As of the end of 1999, there were 13 Safe Tribal Communities that had conducted a variety of activities associated with BUA. Case studies were used to thoroughly document exemplary activities for three.

Umatilla Tribe, Pendleton, Oregon

Although the Umatilla Tribal Police Department has jurisdiction throughout Umatilla County, the primary patrol area is within the Umatilla Reservation, which accounts for 6,000 of the county's 70,000 residents. There is a casino on the reservation that draws a great deal of traffic from urban centers in Washington and Oregon.

Seat belt use on the reservation reached an all-time high of 96 percent after the Tribal Police Department's 1999 year-end seat belt enforcement blitz. This represents an increase of more than 30 percentage points in less than two years time.

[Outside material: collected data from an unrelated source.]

(* If $\mu$ satisfies $\mathrm{IC}(1)$, then $\int e^{2\Lambda^*_{\overline{\mu}}(x/2)}\,d\mu(x)\int e^{-\Lambda^*_{\overline{\mu}}(x)}\,d\mu(x)\le 1$.
   Context: A pair $(\mu,W)$, with $\mu$ a probability measure on $\mathbb{R}^n$ and $W:\mathbb{R}^n\to[0,\infty]$, satisfies property $(\tau)$ if for every bounded function $f$, $\int e^{h}\,d\mu\int e^{-f}\,d\mu\le 1$, where $h(x)=\inf_{y}\{W(x-y)+f(y)\}$ is the infimum convolution of $W$ and $f$. For a measure $\mu$, $\mu'$ is its reflection through the origin, $\overline{\mu}=\mu*\mu'$, $\Lambda_\mu=\ln\int e^{\langle \cdot,y\rangle}d\mu(y)$, and $\Lambda^*_\mu(x)=\sup_y\{\langle x,y\rangle-\Lambda_\mu(y)\}$. A probability measure $\mu$ satisfies $\mathrm{IC}(\beta)$ ($\beta>0$) if the pair $(\mu,\Lambda^*_{\overline{\mu}}(\cdot/\beta))$ satisfies property $(\tau)$. *)

From HB Require Import structures.
From mathcomp Require Import all_boot all_order all_algebra.
From mathcomp Require Import all_classical all_reals all_analysis.
Set Implicit Arguments. Unset Strict Implicit. Unset Printing Implicit Defensive.
Import Order.TTheory GRing.Theory Num.Theory.
Import numFieldNormedType.Exports.
Local Open Scope classical_set_scope.
Local Open Scope ring_scope.

(* R^n, realised as row vectors 'rV[R]_n with the Borel sigma-algebra
   (the sigma-algebra generated by the open sets of its usual topology). *)
Definition Rn (R : realType) (n : nat) :=
  g_sigma_algebraType (@open ('rV[R]_n)).

Definition dotp (R : realType) (n : nat) (x y : 'rV[R]_n) : R :=
  \sum_(i < n) x ord0 i * y ord0 i.

Local Open Scope ereal_scope.

Definition reflect_measure (R : realType) (n : nat)
  (mu : set (Rn R n) -> \bar R) : set (Rn R n) -> \bar R :=
  pushforward mu (fun x : Rn R n => (- x)%R : Rn R n).

Definition convolution (R : realType) (n : nat)
  (mu nu : set (Rn R n) -> \bar R) : set (Rn R n) -> \bar R :=
  pushforward (mu \x nu) (fun p : (Rn R n * Rn R n)%type => (p.1 + p.2)%R : Rn R n).

Definition symmetrization (R : realType) (n : nat)
  (mu : set (Rn R n) -> \bar R) : set (Rn R n) -> \bar R :=
  convolution mu (reflect_measure mu).

Definition logLaplace (R : realType) (n : nat)
  (mu : set (Rn R n) -> \bar R) (x : 'rV[R]_n) : \bar R :=
  lne (\int[mu]_(y in [set: Rn R n]) expeR (dotp x y)%:E).

Definition legendre_logLaplace (R : realType) (n : nat)
  (mu : set (Rn R n) -> \bar R) (x : 'rV[R]_n) : \bar R :=
  ereal_sup [set (dotp x y)%:E - logLaplace mu y | y in [set: 'rV[R]_n]].

Definition inf_conv (R : realType) (n : nat)
  (W : 'rV[R]_n -> \bar R) (f : 'rV[R]_n -> R) (x : 'rV[R]_n) : \bar R :=
  ereal_inf [set W (x - y)%R + (f y)%:E | y in [set: 'rV[R]_n]].

Definition property_tau (R : realType) (n : nat)
  (mu : probability (Rn R n) R) (W : 'rV[R]_n -> \bar R) : Prop :=
  forall f : Rn R n -> R,
    measurable_fun [set: Rn R n] f ->
    (exists M : R, forall x, (`|f x| <= M)%R) ->
    (\int[mu]_(x in [set: Rn R n]) expeR (inf_conv W f x)) *
    (\int[mu]_(x in [set: Rn R n]) expeR (- (f x)%:E)) <= 1.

Tribal Police conduct four occupant restraint sTEPs and at least seven DUI sTEPs each year. Since checkpoints are not legal in Oregon, the occupant restraint sTEPs involve saturation patrols. Each officer is asked to make 14 stops during each four-hour shift. There is considerable publicity on television and radio before, during, and after each enforcement wave. In particular, the primary television cable company airs numerous interviews and other promotions. Effects of the enforcement blitzes on seat belt use are tracked using pre and post observations of belt use.

With nearly universal seat belt use, few citations are issued, only 72 citations in 1998. The Police Department believes the enforcement campaigns maintain a high usage rate as well as having other enforcement benefits. In fact, 39 arrests were made on warrants and several DUI arrests were made as a result of occupant protection sTEPs in 1999.

Child restraint safety is the next priority. Child passenger safety clinics and a safety seat loaner program are planned, the first such program on the reservation.

Oglala Sioux, Pine Ridge, South Dakota

The Pine Ridge Reservation is one of the largest in the Aberdeen District; it covers 1.7 million acres and has a population of nearly 20,000 Lakota Sioux. The road system on the reservation is dangerous. Many of the roads are unpaved, and even the state highway traversing the reservation is narrow and without shoulders. Between 1993 and 1996, there were 1,305 crashes, including 35 fatal crashes. Making matters worse, the seat belt use rate was only five percent in late 1996.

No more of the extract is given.